* **Work instructions**: Find the line with "Definition cl_one (R" in the entries below, then reproduce it and every line after it down to and including the line with "(#|A| + 'C(#|A|, 2)) * x A].", exactly.
Content starts
(* Let $G$ be a finite group, $\pi$ a real representation of $G$, and $\pi'=\pi\oplus\det\pi$, where $\det\pi=\det\circ\pi$ is regarded as a one-dimensional real representation. Then $\pi$ is spinorial if and only if $\pi'$ is spinorial.
   Context: A real representation on a Euclidean space $V$ is regarded as a homomorphism $\pi:G\to\mathrm{O}(V)$; it is spinorial if there is a homomorphism $\hat\pi:G\to\mathrm{Pin}(V)$ with $\rho\circ\hat\pi=\pi$, where $\mathrm{Pin}(V)$ is the Pin group of $V$ (from the Clifford algebra with $v^2=-|v|^2$) and $\rho:\mathrm{Pin}(V)\to\mathrm{O}(V)$ the standard double cover with kernel $\{\pm1\}$. *)

From HB Require Import structures.
From mathcomp Require Import all_boot all_order all_algebra all_fingroup.
From mathcomp Require Import reals.
Set Implicit Arguments. Unset Strict Implicit. Unset Printing Implicit Defensive.
Import Order.TTheory GRing.Theory Num.Theory.
Local Open Scope ring_scope.

(* Euclidean space V = R^n (column vectors 'cV[R]_n, standard inner product).
   O(V) = orthogonal n x n matrices acting on column vectors by v |-> A *m v. *)

(* The Clifford algebra Cl(R^n) with v^2 = -|v|^2, realised on the basis
   e_A (A a subset of {0..n-1}), e_A = e_{a1} ... e_{ak} (a1 < ... < ak),
   with e_i e_j = - e_j e_i (i <> j) and e_i^2 = -1. *)
Definition Cl (R : realType) (n : nat) := {ffun {set 'I_n} -> R}.

Definition cl_symdiff n (A B : {set 'I_n}) : {set 'I_n} := (A :\: B) :|: (B :\: A).

(* e_A e_B = cl_sign A B * e_{A Δ B} *)
Definition cl_sign (R : realType) n (A B : {set 'I_n}) : R :=
  (-1) ^+ (#|[set p : 'I_n * 'I_n | (p.1 \in A) && (p.2 \in B) && (val p.2 < val p.1)%N]|
           + #|A :&: B|).

Definition cl_mul (R : realType) n (x y : Cl R n) : Cl R n :=
  [ffun C : {set 'I_n} => \sum_(A : {set 'I_n}) \sum_(B : {set 'I_n})
               (if cl_symdiff A B == C then cl_sign R A B * x A * y B else 0)].

Definition cl_one (R : realType) n : Cl R n := [ffun A : {set 'I_n} => (A == set0)%:R].

Definition cl_vec (R : realType) n (v : 'cV[R]_n) : Cl R n :=
  [ffun A : {set 'I_n} => \sum_(i < n) v i 0 * (A == [set i])%:R].

Definition cl_alpha (R : realType) n (x : Cl R n) : Cl R n :=
  [ffun A : {set 'I_n} => (-1) ^+ #|A| * x A].

(* Clifford conjugation (transpose composed with alpha); for x in Pin(V)
   it is the inverse of x. *)
Definition cl_conj (R : realType) n (x : Cl R n) : Cl R n :=
  [ffun A : {set 'I_n} => (-1) ^+ (#|A| + 'C(#|A|, 2)) * x A].

Definition unit_vector (R : realType) n (v : 'cV[R]_n) : Prop :=
  (v^T *m v) 0 0 = 1.

(* Pin(V): the subgroup of Cl(V)^x generated by unit vectors, i.e. the set of
   finite products of unit vectors (closed under inverses since u^-1 = -u = u u u). *)
Definition in_Pin (R : realType) n (x : Cl R n) : Prop :=
  exists s : seq 'cV[R]_n,
    (forall v, v \in s -> unit_vector v) /\
    x = foldr (@cl_mul R n) (cl_one R n) (map (@cl_vec R n) s).

(* rho : Pin(V) -> O(V), rho(x) v = alpha(x) v x^{-1}; column j of rho x is
   the image of the basis vector e_j. *)
Definition rho (R : realType) n (x : Cl R n) : 'M[R]_n :=
  \matrix_(i < n, j < n)
     (cl_mul (cl_mul (cl_alpha x) (cl_vec (delta_mx j (0 : 'I_1)))) (cl_conj x)) [set i].

Definition orth_rep (R : realType) (gT : finGroupType) (G : {group gT}) n
    (pi : gT -> 'M[R]_n) : Prop :=
  (forall g, g \in G -> pi g *m (pi g)^T = 1%:M) /\
  {in G &, forall g h, pi (g * h)%g = pi g *m pi h}.

Definition spinorial (R : realType) (gT : finGroupType) (G : {group gT}) n
    (pi : gT -> 'M[R]_n) : Prop :=
  exists pihat : gT -> Cl R n,
    (forall g, g \in G -> in_Pin (pihat g)) /\
    {in G &, forall g h, pihat (g * h)%g = cl_mul (pihat g) (pihat h)} /\
    (forall g, g \in G -> rho (pihat g) = pi g).

Definition dsum_det (R : realType) (gT : finGroupType) n (pi : gT -> 'M[R]_n)
  : gT -> 'M[R]_(n + 1) :=
  fun g => block_mx (pi g) 0 0 (\det (pi g))%:M.

(* A product x = u_1 ... u_k of unit vectors acts through rho as the product of the
   reflections 1 - 2 u_i u_i^T, so det (rho x) = (-1)^k.  The algebra map
   cl_lift : Cl(R^n) -> Cl(R^(n+1)) induced by u |-> (u, 0) e_last sends x to a product of
   2k unit vectors whose image under rho is diag (rho x, det (rho x)); composing a lift of
   pi with cl_lift thus lifts pi (+) det pi.  Conversely, every orthogonal matrix is a
   product of reflections (Cartan-Dieudonne) and rho identifies products of unit vectors
   only up to sign, so an element of Pin(R^(n+1)) over diag (P, det P) is +-cl_lift of an
   element of Pin(R^n); as -1 = e_0^2 for n > 0, a lift of pi (+) det pi factors through
   the injective map cl_lift. *)

From HB Require Import structures.
From mathcomp Require Import all_boot all_order all_algebra all_fingroup.
From mathcomp Require Import reals ring.
Set Implicit Arguments. Unset Strict Implicit. Unset Printing Implicit Defensive.
Import Order.TTheory GRing.Theory Num.Theory.
Local Open Scope ring_scope.
Local Notation unit_vectors s := {in s, forall vec, unit_vector vec}.

Section SymmetricDifference.
Variable n : nat.
Implicit Types (A B C : {set 'I_n}) (i : 'I_n).
Local Notation symdiff := (@cl_symdiff n).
Content ends
* **Result**:
Definition cl_one (R : realType) n : Cl R n := [ffun A : {set 'I_n} => (A == set0)%:R].

Definition cl_vec (R : realType) n (v : 'cV[R]_n) : Cl R n :=
  [ffun A : {set 'I_n} => \sum_(i < n) v i 0 * (A == [set i])%:R].

Definition cl_alpha (R : realType) n (x : Cl R n) : Cl R n :=
  [ffun A : {set 'I_n} => (-1) ^+ #|A| * x A].

(* Clifford conjugation (transpose composed with alpha); for x in Pin(V)
   it is the inverse of x. *)
Definition cl_conj (R : realType) n (x : Cl R n) : Cl R n :=
  [ffun A : {set 'I_n} => (-1) ^+ (#|A| + 'C(#|A|, 2)) * x A].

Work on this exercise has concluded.